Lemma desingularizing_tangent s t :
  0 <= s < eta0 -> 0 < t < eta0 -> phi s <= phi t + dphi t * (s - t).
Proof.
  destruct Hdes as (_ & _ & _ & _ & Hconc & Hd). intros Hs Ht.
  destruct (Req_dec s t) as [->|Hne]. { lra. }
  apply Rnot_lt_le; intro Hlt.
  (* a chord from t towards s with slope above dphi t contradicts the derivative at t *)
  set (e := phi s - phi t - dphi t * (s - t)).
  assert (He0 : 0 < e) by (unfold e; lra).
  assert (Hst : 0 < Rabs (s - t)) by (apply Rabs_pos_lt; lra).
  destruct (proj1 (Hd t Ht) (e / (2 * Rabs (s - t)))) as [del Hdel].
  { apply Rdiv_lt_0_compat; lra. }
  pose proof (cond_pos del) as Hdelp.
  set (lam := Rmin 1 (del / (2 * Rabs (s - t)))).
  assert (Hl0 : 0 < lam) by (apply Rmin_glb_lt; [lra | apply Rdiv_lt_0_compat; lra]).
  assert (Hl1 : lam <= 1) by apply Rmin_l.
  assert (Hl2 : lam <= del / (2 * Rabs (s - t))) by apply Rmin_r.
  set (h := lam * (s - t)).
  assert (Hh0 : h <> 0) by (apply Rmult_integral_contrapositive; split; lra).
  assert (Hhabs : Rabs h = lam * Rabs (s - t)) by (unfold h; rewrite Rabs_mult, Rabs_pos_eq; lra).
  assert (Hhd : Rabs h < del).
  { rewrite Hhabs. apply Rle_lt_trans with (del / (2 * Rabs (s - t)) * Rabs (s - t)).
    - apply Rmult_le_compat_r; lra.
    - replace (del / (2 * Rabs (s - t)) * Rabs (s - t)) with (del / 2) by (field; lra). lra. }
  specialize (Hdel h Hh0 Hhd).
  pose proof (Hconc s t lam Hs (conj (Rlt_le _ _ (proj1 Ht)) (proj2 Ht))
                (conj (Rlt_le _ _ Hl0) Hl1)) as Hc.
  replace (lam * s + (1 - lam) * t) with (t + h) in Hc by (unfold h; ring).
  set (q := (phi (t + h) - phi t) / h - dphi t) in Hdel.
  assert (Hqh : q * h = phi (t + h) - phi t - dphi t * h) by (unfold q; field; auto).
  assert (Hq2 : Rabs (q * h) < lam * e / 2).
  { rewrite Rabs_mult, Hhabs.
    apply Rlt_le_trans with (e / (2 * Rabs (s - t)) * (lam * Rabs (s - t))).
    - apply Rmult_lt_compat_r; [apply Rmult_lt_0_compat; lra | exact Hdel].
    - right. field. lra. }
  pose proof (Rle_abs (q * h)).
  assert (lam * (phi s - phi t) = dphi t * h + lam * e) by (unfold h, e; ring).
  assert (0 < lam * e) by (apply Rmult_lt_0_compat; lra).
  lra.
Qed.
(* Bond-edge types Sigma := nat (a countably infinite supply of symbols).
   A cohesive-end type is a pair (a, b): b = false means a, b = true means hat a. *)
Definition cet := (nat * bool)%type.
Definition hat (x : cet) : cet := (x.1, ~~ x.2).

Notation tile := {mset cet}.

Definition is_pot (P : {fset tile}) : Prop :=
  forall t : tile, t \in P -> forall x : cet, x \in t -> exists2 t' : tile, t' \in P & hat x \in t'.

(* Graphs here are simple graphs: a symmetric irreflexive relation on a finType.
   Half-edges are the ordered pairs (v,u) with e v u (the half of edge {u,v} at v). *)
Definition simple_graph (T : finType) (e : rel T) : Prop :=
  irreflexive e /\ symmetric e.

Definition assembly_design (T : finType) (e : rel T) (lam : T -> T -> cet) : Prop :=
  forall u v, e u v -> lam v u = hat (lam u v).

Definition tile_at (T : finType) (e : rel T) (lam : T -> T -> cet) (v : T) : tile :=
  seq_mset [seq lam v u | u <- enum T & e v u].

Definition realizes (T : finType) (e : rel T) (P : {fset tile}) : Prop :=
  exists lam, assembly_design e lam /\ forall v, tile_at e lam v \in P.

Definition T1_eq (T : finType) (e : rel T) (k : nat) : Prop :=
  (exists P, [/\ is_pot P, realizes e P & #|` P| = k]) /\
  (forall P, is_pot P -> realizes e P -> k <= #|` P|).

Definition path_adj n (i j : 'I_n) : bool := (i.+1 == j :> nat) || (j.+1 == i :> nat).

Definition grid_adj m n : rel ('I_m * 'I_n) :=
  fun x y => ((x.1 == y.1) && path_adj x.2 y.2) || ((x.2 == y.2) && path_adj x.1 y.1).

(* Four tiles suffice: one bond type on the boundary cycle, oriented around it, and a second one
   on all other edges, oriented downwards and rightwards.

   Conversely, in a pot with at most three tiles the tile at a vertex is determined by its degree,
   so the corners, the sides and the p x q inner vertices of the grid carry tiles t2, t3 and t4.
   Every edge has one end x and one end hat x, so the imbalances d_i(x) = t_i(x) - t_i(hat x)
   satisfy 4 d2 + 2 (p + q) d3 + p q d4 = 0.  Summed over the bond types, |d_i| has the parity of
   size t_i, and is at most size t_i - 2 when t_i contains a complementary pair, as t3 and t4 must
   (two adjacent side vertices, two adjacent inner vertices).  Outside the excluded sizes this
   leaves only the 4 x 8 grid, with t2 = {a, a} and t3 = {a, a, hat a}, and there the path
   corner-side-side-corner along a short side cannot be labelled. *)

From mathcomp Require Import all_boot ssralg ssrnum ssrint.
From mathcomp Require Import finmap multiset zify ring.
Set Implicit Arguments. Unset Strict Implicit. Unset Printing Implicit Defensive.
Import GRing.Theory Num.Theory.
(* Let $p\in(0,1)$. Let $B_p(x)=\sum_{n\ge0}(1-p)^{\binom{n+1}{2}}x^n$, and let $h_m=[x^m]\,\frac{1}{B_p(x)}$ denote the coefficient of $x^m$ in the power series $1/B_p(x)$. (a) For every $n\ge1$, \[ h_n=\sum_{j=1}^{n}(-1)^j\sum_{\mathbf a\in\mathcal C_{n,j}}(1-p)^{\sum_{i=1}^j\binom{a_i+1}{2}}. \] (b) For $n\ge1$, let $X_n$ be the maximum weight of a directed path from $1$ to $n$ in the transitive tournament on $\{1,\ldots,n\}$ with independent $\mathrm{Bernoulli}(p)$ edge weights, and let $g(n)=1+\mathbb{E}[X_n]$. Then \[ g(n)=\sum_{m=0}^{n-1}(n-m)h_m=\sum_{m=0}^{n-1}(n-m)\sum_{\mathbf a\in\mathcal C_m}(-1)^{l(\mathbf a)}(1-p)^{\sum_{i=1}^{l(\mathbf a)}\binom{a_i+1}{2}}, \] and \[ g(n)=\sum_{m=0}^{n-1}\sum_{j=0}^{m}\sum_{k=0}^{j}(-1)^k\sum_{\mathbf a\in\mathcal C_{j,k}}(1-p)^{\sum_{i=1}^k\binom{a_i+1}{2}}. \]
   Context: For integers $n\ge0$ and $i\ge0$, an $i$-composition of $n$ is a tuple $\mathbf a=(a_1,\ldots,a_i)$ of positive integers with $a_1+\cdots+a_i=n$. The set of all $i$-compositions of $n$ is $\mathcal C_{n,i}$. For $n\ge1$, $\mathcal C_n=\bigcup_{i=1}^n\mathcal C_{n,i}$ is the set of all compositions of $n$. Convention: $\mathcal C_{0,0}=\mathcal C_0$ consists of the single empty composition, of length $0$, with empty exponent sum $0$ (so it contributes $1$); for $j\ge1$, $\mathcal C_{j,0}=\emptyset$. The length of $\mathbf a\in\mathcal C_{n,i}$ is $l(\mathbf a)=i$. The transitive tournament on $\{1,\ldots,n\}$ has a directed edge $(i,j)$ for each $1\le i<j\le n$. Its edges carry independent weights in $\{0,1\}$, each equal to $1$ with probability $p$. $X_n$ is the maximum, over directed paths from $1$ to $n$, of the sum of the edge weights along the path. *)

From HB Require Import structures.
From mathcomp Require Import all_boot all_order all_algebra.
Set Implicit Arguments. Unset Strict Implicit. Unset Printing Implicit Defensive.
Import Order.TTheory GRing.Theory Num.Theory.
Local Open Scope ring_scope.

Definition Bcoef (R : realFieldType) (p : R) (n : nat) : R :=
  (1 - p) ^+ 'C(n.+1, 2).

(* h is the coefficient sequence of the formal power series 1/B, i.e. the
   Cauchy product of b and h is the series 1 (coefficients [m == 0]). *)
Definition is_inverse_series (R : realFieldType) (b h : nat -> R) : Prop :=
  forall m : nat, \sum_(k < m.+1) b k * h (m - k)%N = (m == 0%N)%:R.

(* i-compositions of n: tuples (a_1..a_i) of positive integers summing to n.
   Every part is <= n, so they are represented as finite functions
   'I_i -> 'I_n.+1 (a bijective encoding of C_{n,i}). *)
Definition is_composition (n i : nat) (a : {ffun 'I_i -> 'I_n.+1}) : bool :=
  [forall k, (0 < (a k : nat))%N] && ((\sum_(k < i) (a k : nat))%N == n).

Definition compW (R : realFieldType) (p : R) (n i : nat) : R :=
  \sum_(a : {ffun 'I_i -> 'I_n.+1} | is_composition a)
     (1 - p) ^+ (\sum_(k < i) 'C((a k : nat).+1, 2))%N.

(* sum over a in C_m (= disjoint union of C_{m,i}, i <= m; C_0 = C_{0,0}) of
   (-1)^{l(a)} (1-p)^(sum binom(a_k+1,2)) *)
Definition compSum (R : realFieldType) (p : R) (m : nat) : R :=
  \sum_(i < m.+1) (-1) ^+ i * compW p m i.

____________________

The lines from the one with "[forall k, (0" through the final line of the data are to be reproduced exactly, both included, with no other lines.

  [forall k, (0 < (a k : nat))%N] && ((\sum_(k < i) (a k : nat))%N == n).

Definition compW (R : realFieldType) (p : R) (n i : nat) : R :=
  \sum_(a : {ffun 'I_i -> 'I_n.+1} | is_composition a)
     (1 - p) ^+ (\sum_(k < i) 'C((a k : nat).+1, 2))%N.

(* sum over a in C_m (= disjoint union of C_{m,i}, i <= m; C_0 = C_{0,0}) of
   (-1)^{l(a)} (1-p)^(sum binom(a_k+1,2)) *)
Definition compSum (R : realFieldType) (p : R) (m : nat) : R :=
  \sum_(i < m.+1) (-1) ^+ i * compW p m i.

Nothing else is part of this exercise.